The functions we’ve gone through so far describe one variable. It is often the case that we are interested in understanding whether two variables are associated with one another.
Let’s go through the ways we can describe the association between: (1) two categorical variables; (2) one categorical variable and one numeric variable; and (3) two numeric variables.
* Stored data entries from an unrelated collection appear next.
(* Let $k$ be a positive integer, $V$ a finite-dimensional complex vector space, and $P_1,\dots,P_k$ pairwise commuting operators on $V$ each of order at most $2$ (i.e. $P_i^2=\mathrm{id}$). For $\varepsilon=(\varepsilon_1,\dots,\varepsilon_k)\in\{\pm1\}^k$ let $V_\varepsilon=\prod_{i=1}^k(1+\varepsilon_iP_i)V$. Let $A$ be an operator on $V$ commuting with $P_1,\dots,P_k$, and for $\varepsilon\in\{\pm1\}^k$ let $\mathcal E_{\varepsilon,+}$ (resp. $\mathcal E_{\varepsilon,-}$) be the multiset of positive (resp. negative) characteristic roots of $A|_{V_\varepsilon}:V_\varepsilon\to V_\varepsilon$. If the spectrum of $A$ coincides with the spectrum of $(\prod_{i\in I}P_i)A$ for every nonempty subset $I\subseteq\{1,\dots,k\}$, then $\mathcal E_{\varepsilon,+}=-\mathcal E_{\varepsilon,-}$ for every $\varepsilon\ne(1,1,\dots,1)$, and the spectrum of $A$ contains a sub-multiset of size $\dim V-\dim V_{(1,1,\dots,1)}$ which is symmetric about the origin.
   Context: The spectrum of an operator is its multiset of characteristic roots (eigenvalues with algebraic multiplicity). A multiset $M$ of complex numbers is symmetric about the origin if $M=-M$. *)

From mathcomp Require Import all_boot all_order all_algebra all_field.
Set Implicit Arguments. Unset Strict Implicit. Unset Printing Implicit Defensive.
Import Order.TTheory GRing.Theory Num.Theory.
Local Open Scope ring_scope.

(* V = 'rV[algC]_n (complex vector space of dimension n); operators are
   matrices acting on row vectors (v |-> v *m A).  algC = algebraic complex
   numbers (algebraically closed, characteristic 0, with the usual
   partial order: 0 < x iff x is a positive real). *)

Definition spec_mult (m : nat) (A : 'M[algC]_m) (x : algC) : nat :=
  mup x (char_poly A).

(* Matrix (w.r.t. the basis row_base W of the row space of W) of the
   restriction of A to the subspace W (meaningful when W is A-stable). *)
Definition restrict_mx (n : nat) (W A : 'M[algC]_n) : 'M[algC]_(\rank W) :=
  row_base W *m A *m pinvmx (row_base W).

(* The projector prod_i (1 + eps_i P_i); V_eps is its image (row space). *)
Definition proj_eps (n k : nat) (P : 'I_k -> 'M[algC]_n) (eps : 'I_k -> algC)
  : 'M[algC]_n := \prod_(i < k) (1%:M + eps i *: P i).

Definition pos_roots (n : nat) (W A : 'M[algC]_n) (x : algC) : nat :=
  if 0 < x then spec_mult (restrict_mx W A) x else 0%N.
Definition neg_roots (n : nat) (W A : 'M[algC]_n) (x : algC) : nat :=
  if x < 0 then spec_mult (restrict_mx W A) x else 0%N.

From mathcomp Require Import all_boot all_order all_algebra all_field.
Import Order.TTheory GRing.Theory Num.Theory.
Local Open Scope ring_scope.
Set Implicit Arguments. Unset Strict Implicit. Unset Printing Implicit Defensive.

(* The commuting involutions P_i split V into the joint eigenspaces
   V_eps = proj_eps P eps V (eps in {1,-1}^k, encoded below by boolean vectors
   f with eps_i = sgnb (f i)), each stable under A, and P_i acts on V_eps as
   eps_i.  So (prod_(i in I) P_i) A acts on V_eps as w_I(eps) A, where
   w_I(eps) = prod_(i in I) eps_i is a Walsh character.  Writing m_eps(x) for
   the multiplicity of x in the spectrum of A on V_eps, the hypothesis says
   that sum_eps m_eps(w_I(eps) x) does not depend on I.  Hence
   d(eps) = m_eps(x) - m_eps(-x) satisfies
   sum_eps w_I(eps) d(eps) = sum_eps d(eps) for every I, and orthogonality of
   the Walsh characters forces d(eps) = 0 for eps <> (1,...,1).  The union of
   the spectra of A on the V_eps with eps <> (1,...,1) is then the required
   symmetric sub-multiset. *)

Section RestrictCharPoly.
Variable F : fieldType.

Lemma char_poly_intertwine m p (B : 'M[F]_(m, p)) (M : 'M_p) (D : 'M_m) :
  row_free B -> row_full B -> B *m M = D *m B -> char_poly M = char_poly D.
Proof.
move=> freeB fullB BM; have mp : m = p by rewrite -(eqP freeB) (eqP fullB).
subst p; have detB : (\det B)%:P != 0.
  by rewrite polyC_eq0 -unitfE -unitmxE -row_free_unit.
have BX : char_poly_mx D *m map_mx polyC B = map_mx polyC B *m char_poly_mx M.
  by rewrite mulmxBl mulmxBr -!map_mxM BM scalar_mxC.
move/(congr1 determinant): BX; rewrite !det_mulmx det_map_mx mulrC.
by move/(mulfI detB).
Qed.

Lemma char_poly_restrict_full n (S A : 'M[F]_n) :
  row_full S -> stablemx S A -> char_poly (restrictmx S A) = char_poly A.
Proof.
move=> fullS SA; symmetry; apply: (@char_poly_intertwine _ _ (row_base S)).
- exact: row_base_free.
- by rewrite /row_full (eq_row_base S).
- by rewrite /conjmx mulmxKpV ?stablemx_row_base.
Qed.

Lemma char_poly_restrict_adds m1 m2 n (U1 : 'M[F]_(m1, n)) (U2 : 'M_(m2, n)) A :
  stablemx U1 A -> stablemx U2 A -> (U1 :&: U2 = 0)%MS ->
  char_poly (restrictmx (U1 + U2)%MS A)
    = char_poly (restrictmx U1 A) * char_poly (restrictmx U2 A).
Proof.
(* Expressed in the basis [W] of U1 + U2, the concatenated bases [C] of U1 and
   U2 form an invertible change of basis to the block-diagonal matrix. *)
move=> U1A U2A capU; set W := row_base (U1 + U2)%MS.
set C := col_mx (row_base U1) (row_base U2).
have CW : (C <= W)%MS.
  by rewrite eq_row_base col_mx_sub !eq_row_base addsmxSl addsmxSr.
have rankC : \rank (C *m pinvmx W) = \rank (U1 + U2)%MS.
  have rank_col : \rank C = \rank (U1 + U2)%MS.
    by rewrite -addsmxE (adds_eqmx (eq_row_base U1) (eq_row_base U2)).
  apply/eqP; rewrite eqn_leq rank_leq_col /=.
  by rewrite -{1}rank_col -{1}(mulmxKpV CW) mxrankM_maxl.
have -> : char_poly (restrictmx U1 A) * char_poly (restrictmx U2 A)
          = char_poly (block_mx (restrictmx U1 A) 0 0 (restrictmx U2 A)).
  by rewrite /char_poly char_block_diag_mx det_ublock.
apply: (@char_poly_intertwine _ _ (C *m pinvmx W)).
- by rewrite /row_free rankC mxrank_disjoint_sum.
- by rewrite /row_full rankC.
rewrite [conjmx W A]/conjmx 2!mulmxA (mulmxKpV CW) mulmxA; congr (_ *m _).
rewrite /C mul_col_mx mul_block_col !mul0mx addr0 add0r /conjmx.
by rewrite !mulmxKpV ?stablemx_row_base.
Qed.

End RestrictCharPoly.

Lemma restrictmx_row_eigenM (F : fieldType) n (W B A : 'M[F]_n) c :
  W *m B = c *: W -> restrictmx W (B *m A) = c *: restrictmx W A.
Proof.
move=> WB; have /submxP[D defW] : (row_base W <= W)%MS by rewrite eq_row_base.
by rewrite /conjmx mulmxA {1}defW -(mulmxA D) WB -scalemxAr -defW !scalemxAl.
Qed.

Lemma row_eigen_mulmx_prod (R : comPzRingType) n (J : Type) (X : 'M[R]_n)
    (r : seq J) (P : pred J) (G : J -> 'M_n) (t : J -> R) :
    (forall j, X *m G j = t j *: X) ->
  X *m \prod_(j <- r | P j) G j = (\prod_(j <- r | P j) t j) *: X.
Proof.
move=> XG; apply: (big_rec2 (fun a Y => X *m Y = a *: X)) => [|j a Y _ XY].
  by rewrite mulmx1 scale1r.
by rewrite mulmxA XG -scalemxAl XY scalerA.
Qed.

Lemma prod_mulmx_eigen_factor (R : comPzRingType) n (J : eqType) (r : seq J)
    (G : J -> 'M[R]_n) (X : 'M_n) j0 t :
    j0 \in r -> (forall j, X *m G j = G j *m X) -> G j0 *m X = t *: G j0 ->
  (\prod_(j <- r) G j) *m X = t *: \prod_(j <- r) G j.
Proof.
move=> + XG Gj0; elim: r => // j r IHr; rewrite inE big_cons.
have [<- _|_ /= j0_r] := eqVneq j0 j.
  have XGr : X *m \prod_(j <- r) G j = (\prod_(j <- r) G j) *m X.
    by apply: commr_prod => i _; apply: XG.
  by rewrite -mulmxA -XGr mulmxA Gj0 -scalemxAl.
by rewrite -mulmxA IHr // scalemxAr.
Qed.

Section OrthogonalSums.
Variables (F : fieldType) (n : nat) (I : eqType) (E : I -> 'M[F]_n) (c : F).
Hypothesis c_neq0 : c != 0.
Hypothesis E_orth : forall i j, i != j -> E i *m E j = 0.
Hypothesis E_sq : forall i, E i *m E i = c *: E i.

Lemma capmx_orth_sums i s : i \notin s -> (E i :&: \sum_(j <- s) E j)%MS = 0.
Proof.
move=> i_s; set C := (E i :&: _)%MS.
have CE : C *m E i = 0.
  apply/sub_kermxP/(submx_trans (capmxSr _ _)).
  rewrite big_seq; apply: (big_ind (fun X : 'M_n => X <= kermx (E i))%MS).
  - exact: sub0mx.
  - by move=> X Y X0 Y0; rewrite addsmx_sub X0 Y0.
  - by move=> j j_s; apply/sub_kermxP/E_orth; apply: contraNneq i_s => <-.
have /submxP[D defC] : (C <= E i)%MS := capmxSl _ _.
have : c *: C = 0 by rewrite defC scalemxAr -E_sq mulmxA -defC CE.
by move/eqP; rewrite scalemx_eq0 (negPf c_neq0) => /eqP.
Qed.

Lemma mxrank_orth_sums s : uniq s ->
  \rank (\sum_(i <- s) E i)%MS = (\sum_(i <- s) \rank (E i))%N.
Proof.
elim: s => [|i s IHs /= /andP[i_s s_uniq]]; first by rewrite !big_nil mxrank0.
by rewrite !big_cons mxrank_disjoint_sum ?IHs ?capmx_orth_sums.
Qed.
(* Let $q_0>0$, $\alpha\in\mathbb{R}$, $\theta_+\in(0,\pi)\setminus\{\pi/2\}$, and set $\xi(x,t)=q_0x\sin\theta_++\tfrac12\alpha t\tan\theta_+$. Then $q(x,t)=q_0e^{i\alpha t}\cos\!\big(\theta_+-i\xi(x,t)\big)\,\mathrm{sech}\,\xi(x,t)=q_0e^{i\alpha t}\big(\cos\theta_++i\sin\theta_+\tanh\xi\big)$ and $s(x,t)=\tfrac12 q_0\alpha\sin\theta_+\tan\theta_+\,\mathrm{sech}^2\xi(x,t)$ are smooth (nonsingular) on $\mathbb{R}^2$ and satisfy the nonlocal Sinh-Gordon system $q_{xt}(x,t)+2s(x,t)q(x,t)=0$, $s_x(x,t)=-\partial_t\big(q(x,t)q(-x,-t)\big)$, with $s(-x,-t)=s(x,t)$, $s(x,t)\to0$ as $|x|\to\infty$, and $q(x,t)\to q_0e^{i(\alpha t\pm\theta_+)}$ as $x\to\pm\infty$. *)

(* classical reals. Complex-valued functions are represented
   by their real and imaginary parts (no complex library in Stdlib). *)
From Stdlib Require Import Reals.
Open Scope R_scope.

Definition xi (q0 al th x t : R) : R := q0 * x * sin th + / 2 * al * t * tan th.

(* q(x,t) = q0 e^{i al t} (cos th + i sin th tanh xi) *)
Definition q_re (q0 al th x t : R) : R :=
  q0 * (cos (al * t) * cos th - sin (al * t) * (sin th * tanh (xi q0 al th x t))).
Definition q_im (q0 al th x t : R) : R :=
  q0 * (sin (al * t) * cos th + cos (al * t) * (sin th * tanh (xi q0 al th x t))).

Definition s_fun (q0 al th x t : R) : R :=
  / 2 * q0 * al * sin th * tan th * (/ cosh (xi q0 al th x t)) ^ 2.

Definition pq_re (q0 al th x t : R) : R :=
  q_re q0 al th x t * q_re q0 al th (- x) (- t) - q_im q0 al th x t * q_im q0 al th (- x) (- t).
Definition pq_im (q0 al th x t : R) : R :=
  q_re q0 al th x t * q_im q0 al th (- x) (- t) + q_im q0 al th x t * q_re q0 al th (- x) (- t).

Definition cont2 (f : R -> R -> R) : Prop :=
  forall x t eps, 0 < eps -> exists delta, 0 < delta /\
    forall x' t', Rabs (x' - x) < delta -> Rabs (t' - t) < delta ->
      Rabs (f x' t' - f x t) < eps.

Fixpoint Cn2 (n : nat) (f : R -> R -> R) : Prop :=
  match n with
  | O => cont2 f
  | S m => cont2 f /\ exists fx ft : R -> R -> R,
      (forall x t, derivable_pt_lim (fun y => f y t) x (fx x t)) /\
      (forall x t, derivable_pt_lim (fun u => f x u) t (ft x t)) /\
      Cn2 m fx /\ Cn2 m ft
  end.

Definition smooth2 (f : R -> R -> R) : Prop := forall n, Cn2 n f.

Definition lim_pinf (g : R -> R) (l : R) : Prop :=
  forall eps, 0 < eps -> exists M, forall x, M < x -> Rabs (g x - l) < eps.
Definition lim_minf (g : R -> R) (l : R) : Prop :=
  forall eps, 0 < eps -> exists M, forall x, x < M -> Rabs (g x - l) < eps.

(* Put T := tanh ξ, where ξ = c x + b t with c = q0 sin θ and b = (α/2) tan θ.
   Since tanh' = 1 - tanh^2, the functions q, s and q(x,t) q(-x,-t), together
   with all their partial derivatives, are polynomials in cos αt, sin αt and T,
   hence bounded; a function with bounded partial derivatives is jointly
   continuous, so all of them are smooth.  As T is odd in (x,t), q(-x,-t) is the
   complex conjugate of q(x,t), so q(x,t) q(-x,-t) = q0^2 (cos^2 θ + sin^2 θ T^2)
   is real.  The two equations are then polynomial identities in cos αt, sin αt
   and T, using tan θ cos θ = sin θ.  Finally T -> ±1 as x -> ±∞ because c > 0. *)
From Stdlib Require Import Reals Lra FunctionalExtensionality.
Open Scope R_scope.
Lemma meet_lb_l x y : meet x y <= x.
Proof. apply Hlat. Qed.
Lemma meet_lb_r x y : meet x y <= y.
Proof. apply Hlat. Qed.
Lemma meet_glb x y z : z <= x -> z <= y -> z <= meet x y.
Proof. apply Hlat. Qed.
Lemma join_ub_l x y : x <= join x y.
Proof. apply Hlat. Qed.
Lemma join_ub_r x y : y <= join x y.
Proof. apply Hlat. Qed.
Lemma join_lub x y z : x <= z -> y <= z -> join x y <= z.
Proof. apply Hlat. Qed.

Hint Resolve le_refl meet_lb_l meet_lb_r join_ub_l join_ub_r : core.

Lemma meet_l x y : x <= y -> meet x y = x.
Proof. intro H. apply le_antisym; auto using meet_glb. Qed.
Lemma meet_r x y : y <= x -> meet x y = y.
Proof. intro H. apply le_antisym; auto using meet_glb. Qed.
Lemma join_l x y : y <= x -> join x y = x.
Proof. intro H. apply le_antisym; auto using join_lub. Qed.
Lemma join_r x y : x <= y -> join x y = y.
Proof. intro H. apply le_antisym; auto using join_lub. Qed.
Lemma meet_comm x y : meet x y = meet y x.
Proof. apply le_antisym; auto using meet_glb. Qed.
Lemma join_comm x y : join x y = join y x.
Proof. apply le_antisym; auto using join_lub. Qed.

Lemma covby_le x y : covby x y -> x <= y.
Proof. intros [[H _] _]. exact H. Qed.
Lemma covby_neq x y : covby x y -> x <> y.
Proof. intros [[_ H] _]. exact H. Qed.
Lemma covby_between x y z : covby x y -> x <= z -> z <= y -> z = x \/ z = y.
Proof.
  intros [_ Hno] Hxz Hzy.
  destruct (classic (z = x)) as [E | Hzx]; [now left |].
  destruct (classic (z = y)) as [E | Hzy']; [now right |].
  exfalso. apply Hno. exists z. split; split; auto.
Qed.
Lemma covby_intro x y :
  x <= y -> x <> y -> (forall z, x <= z -> z <= y -> z = x \/ z = y) -> covby x y.
Proof.
  intros Hxy Hne Hbetween. split; [split; assumption |].
  intros [z [[Hxz Hxz'] [Hzy Hzy']]].
  destruct (Hbetween z Hxz Hzy); congruence.
Qed.

Lemma covby_incomparable x y1 y2 :
  covby x y1 -> covby x y2 -> y1 <> y2 -> ~ y1 <= y2.
Proof.
  intros H1 H2 Hne H12.
  destruct (covby_between H2 (covby_le H1) H12) as [E | E]; [| congruence].
  exact (covby_neq H1 (eq_sym E)).
Qed.

Lemma covby_meet_eq x y z : covby x y -> x <= z -> ~ y <= z -> meet y z = x.
Proof.
  intros Hxy Hxz Hyz.
  destruct (covby_between Hxy (meet_glb (covby_le Hxy) Hxz) (meet_lb_l y z))
    as [E | E]; [exact E |].
  exfalso. apply Hyz. rewrite <- E. auto.
Qed.

Lemma covby_join_eq x y z : covby x y -> z <= y -> ~ z <= x -> join x z = y.
Proof.
  intros Hxy Hzy Hzx.
  destruct (covby_between Hxy (join_ub_l x z) (join_lub (covby_le Hxy) Hzy))
    as [E | E]; [| exact E].
  exfalso. apply Hzx. rewrite <- E. auto.
Qed.

Lemma covby_meet_of_neq x y1 y2 : covby x y1 -> covby x y2 -> y1 <> y2 -> meet y1 y2 = x.
Proof.
  intros H1 H2 Hne.
  apply (covby_meet_eq H1 (covby_le H2)). exact (covby_incomparable H1 H2 Hne).
Qed.

Lemma dual_chain_refl t : dual_chain t le t.
Proof.
  intros x y Hx1 Hx2 Hy1 Hy2. left.
  rewrite (le_antisym Hx2 Hx1), (le_antisym Hy2 Hy1). apply le_refl.
Qed.

Lemma dual_chain_covby t h g :
  covby h g -> (forall y, h < y -> y <= t -> g <= y) -> dual_chain t le g ->
  dual_chain t le h.
Proof.
  intros Hhg Habove Hg x y Hx1 Hx2 Hy1 Hy2.
  destruct (classic (x = h)) as [-> | Hx]; [now left |].
  destruct (classic (y = h)) as [-> | Hy]; [now right |].
  apply Hg; auto; apply Habove; auto; split; auto.
Qed.

Lemma dual_chain_meet_irreducible t g :
  g <= t -> dual_chain t le g -> meet_irreducible_neg t le meet g.
Proof.
  intros Hg Hchain. split; [exact Hg |].
  intros [a [b [Ha [Hb [Hag [Hbg Hab]]]]]].
  assert (Hga : g <= a) by (rewrite Hab; auto).
  assert (Hgb : g <= b) by (rewrite Hab; auto).
  destruct (Hchain a b Hga Ha Hgb Hb) as [H | H].
  - apply Hag. rewrite Hab. symmetry. apply meet_l, H.
  - apply Hbg. rewrite Hab. symmetry. apply meet_r, H.
Qed.

Section Noetherian.
Hypothesis Hnoeth : noetherian le.

Lemma exists_minimal g (P : T -> Prop) :
  (exists x, P x) -> (forall x, P x -> g <= x) ->
  exists x, P x /\ forall y, P y -> y <= x -> y = x.
Proof.
  intros Hex Hg.
  destruct (@exists_minimal_of_no_descending_chain T (fun y x => y < x) P) as [x [Hx Hmin]];
    [| exact Hex |].
  - intros [f [HPf Hf]]. apply (proj1 (Hnoeth g)). exists f. auto.
  - exists x. split; [exact Hx |]. intros y Hy Hyx.
    apply NNPP. intro Hne. exact (Hmin y Hy (conj Hyx Hne)).
Qed.

Lemma exists_maximal g (P : T -> Prop) :
  (exists x, P x) -> (forall x, P x -> x <= g) ->
  exists x, P x /\ forall y, P y -> x <= y -> y = x.
Proof.
  intros Hex Hg.
  destruct (@exists_minimal_of_no_descending_chain T (fun y x => x < y) P) as [x [Hx Hmax]];
    [| exact Hex |].
  - intros [f [HPf Hf]]. apply (proj2 (Hnoeth g)). exists f. auto.
  - exists x. split; [exact Hx |]. intros y Hy Hxy.
    apply NNPP. intro Hne. exact (Hmax y Hy (conj Hxy (not_eq_sym Hne))).
Qed.

Lemma exists_covby_above x y : x < y -> exists z, covby x z /\ z <= y.
Proof.
  intros Hxy.
  destruct (@exists_minimal x (fun z => x < z /\ z <= y)) as [z [[Hxz Hzy] Hmin]].
  - exists y. split; auto.
  - intros z [[H _] _]. exact H.
  - exists z. split; [| exact Hzy].
    apply covby_intro; try apply Hxz.
    intros w Hxw Hwz. destruct (classic (w = x)) as [E | Hne]; [now left |].
    right. apply Hmin; auto. split; [split; auto | exact (le_trans Hwz Hzy)].
Qed.

Lemma exists_covby_below x y : x < y -> exists z, x <= z /\ covby z y.
Proof.
  intros Hxy.
  destruct (@exists_maximal y (fun z => x <= z /\ z < y)) as [z [[Hxz Hzy] Hmax]].
  - exists x. split; auto.
  - intros z [_ [H _]]. exact H.
  - exists z. split; [exact Hxz |].
    apply covby_intro; try apply Hzy.
    intros w Hzw Hwy. destruct (classic (w = y)) as [E | Hne]; [now right |].
    left. apply Hmax; auto. split; [exact (le_trans Hxz Hzw) | split; auto].
Qed.

Lemma meet_irreducible_covby_le t h g y :
  meet_irreducible_neg t le meet h -> covby h g -> g <= t -> h < y -> y <= t -> g <= y.
Proof.
  intros [_ Hirr] Hhg Hgt Hhy Hyt.
  destruct (exists_covby_above Hhy) as [y1 [Hhy1 Hy1y]].
  destruct (classic (y1 = g)) as [<- | Hne]; [exact Hy1y |].
  exfalso. apply Hirr. exists g, y1.
  repeat split.
  - exact Hgt.
  - exact (le_trans Hy1y Hyt).
  - exact (not_eq_sym (covby_neq Hhg)).
  - exact (not_eq_sym (covby_neq Hhy1)).
  - symmetry. exact (covby_meet_of_neq Hhg Hhy1 (not_eq_sym Hne)).
Qed.

Section Modular.
Hypothesis Hmod : modular le meet join.

Lemma covby_join p a x : covby p a -> ~ a <= x -> p <= x -> covby x (join x a).
Proof.
  intros Hpa Hax Hpx.
  apply covby_intro; auto.
  - intro E. apply Hax. rewrite E. auto.
  - intros z Hxz Hz.
    destruct (covby_between Hpa (meet_glb (covby_le Hpa) (le_trans Hpx Hxz)) (meet_lb_l a z))
      as [E | E].
    + left. rewrite <- (meet_r Hz), <- (@Hmod x a z Hxz), E. exact (join_l Hpx).
    + right. apply le_antisym; auto. apply join_lub; auto. rewrite <- E. auto.
Qed.

Lemma covby_meet a q x : covby a q -> ~ x <= a -> x <= q -> covby (meet x a) x.
Proof.
  intros Haq Hxa Hxq.
  apply covby_intro; auto.
  - intro E. apply Hxa. rewrite <- E. auto.
  - intros z Hz Hzx.
    destruct (covby_between Haq (join_ub_l a z) (join_lub (covby_le Haq) (le_trans Hzx Hxq)))
      as [E | E].
    + left. apply le_antisym; auto. apply meet_glb; auto. rewrite <- E. auto.
    + right. rewrite <- (join_l Hz), meet_comm, (@Hmod z a x Hzx), join_comm, E.
      exact (meet_r Hxq).
Qed.

Section ComplementedInterval.
Variables (m t : T).
Hypothesis Hglb : is_glb le (covered_by_e t le) m.
Hypothesis Hmt : m <= t.

Lemma complement_exists x : m <= x -> x <= t ->
  exists y, m <= y /\ y <= t /\ meet x y = m /\ join x y = t.
Proof.
  intros Hmx Hxt.
  destruct (@exists_minimal m (fun y => m <= y /\ y <= t /\ join x y = t))
    as [y [[Hmy [Hyt Hxy]] Hmin]].
  - exists t. repeat split; auto. exact (join_r Hxt).
  - intros y [H _]. exact H.
  - exists y. repeat split; auto.
    (* Otherwise some coatom [c] misses [meet x y], and [meet y c] is a smaller witness. *)
    apply NNPP. intro Hne.
    assert (Hc : exists c, covby c t /\ ~ meet x y <= c).
    { apply NNPP. intro Hall. apply Hne. apply le_antisym.
      - apply Hglb. intros c Hc. apply NNPP. intro H. apply Hall. exists c. auto.
      - apply meet_glb; auto. }
    destruct Hc as [c [Hct Hxyc]].
    assert (Hyc : ~ y <= c) by (intro H; apply Hxyc; exact (le_trans (meet_lb_r x y) H)).
    assert (Hcov : covby (meet y c) y) by exact (covby_meet Hct Hyc Hyt).
    assert (Hrestore : join (meet y c) (meet x y) = y).
    { apply (covby_join_eq Hcov); auto. intro H. apply Hxyc.
      exact (le_trans H (meet_lb_r y c)). }
    assert (Hjoin : join x (meet y c) = t).
    { apply le_antisym.
      - apply join_lub; [exact Hxt | exact (le_trans (meet_lb_l y c) Hyt)].
      - rewrite <- Hxy. apply join_lub; auto. rewrite <- Hrestore at 1.
        apply join_lub; [auto | exact (le_trans (meet_lb_l x y) (join_ub_l x _))]. }
    apply (covby_neq Hcov). apply Hmin; auto.
    repeat split.
    + apply meet_glb; [exact Hmy | apply Hglb, Hct].
    + exact (le_trans (meet_lb_l y c) Hyt).
    + exact Hjoin.
Qed.

Lemma relative_complement_exists p x q : m <= p -> p <= x -> x <= q -> q <= t ->
  exists y, p <= y /\ y <= q /\ meet x y = p /\ join x y = q.
Proof.
  intros Hmp Hpx Hxq Hqt.
  destruct (@complement_exists x) as [y0 [_ [_ [Hmeet Hjoin]]]]; eauto using le_trans.
  exists (meet (join p y0) q). repeat split.
  - apply meet_glb; eauto using le_trans.
  - auto.
  - apply le_antisym.
    + apply le_trans with (meet (join p y0) x).
      * apply meet_glb; auto. exact (le_trans (meet_lb_r _ _) (meet_lb_l _ _)).
      * rewrite <- (@Hmod p y0 x Hpx), meet_comm, Hmeet. apply join_lub; auto.
    + apply meet_glb; auto. apply meet_glb; eauto using le_trans.
  - rewrite (@Hmod x (join p y0) q Hxq). apply meet_r.
    apply le_trans with t; auto. rewrite <- Hjoin.
    apply join_lub; auto. apply le_trans with (join p y0); auto.
Qed.

Lemma exists_other_covby p q w : m <= p -> q <= t -> covby p w -> w <= q -> w <> q ->
  exists y, covby p y /\ y <= q /\ y <> w.
Proof.
  intros Hmp Hqt Hpw Hwq Hne.
  destruct (@relative_complement_exists p w q) as [y [Hpy [Hyq [Hmeet Hjoin]]]];
    auto using covby_le.
  assert (Hpy' : p < y).
  { split; [exact Hpy |]. intros <-. apply Hne. rewrite <- Hjoin.
    symmetry. exact (join_l (covby_le Hpw)). }
  destruct (exists_covby_above Hpy') as [z [Hpz Hzy]].
  exists z. split; [exact Hpz | split; [exact (le_trans Hzy Hyq) |]].
  intros ->. apply (covby_neq Hpw). rewrite <- Hmeet. exact (meet_l Hzy).
Qed.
To summarize the relationship between two categorical variables,
you’ll need to find the proportion of observations for each combination,
also known as a cross tabulation. Let’s create a cross tabulation of the
categorical variables oppzone and mhisp. We do this by
using both variables in the group_by()
command.
ncal.tracts %>%
group_by(oppzone, mhisp) %>%
summarize(n = n()) %>%
mutate(total = sum(n),
freq = n / total)
## # A tibble: 4 × 5
## # Groups: oppzone [2]
## oppzone mhisp n total freq
## <chr> <chr> <int> <int> <dbl>
## 1 Designated Qualified Opportunity Zone Majority 16 75 0.213
## 2 Designated Qualified Opportunity Zone Not Majority 59 75 0.787
## 3 Not Designated Majority 47 524 0.0897
## 4 Not Designated Not Majority 477 524 0.910
A much higher proportion of Opportunity Zone neighborhoods are Majority Hispanic (0.213) compared to non Opportunity Zone neighborhoods (0.0897).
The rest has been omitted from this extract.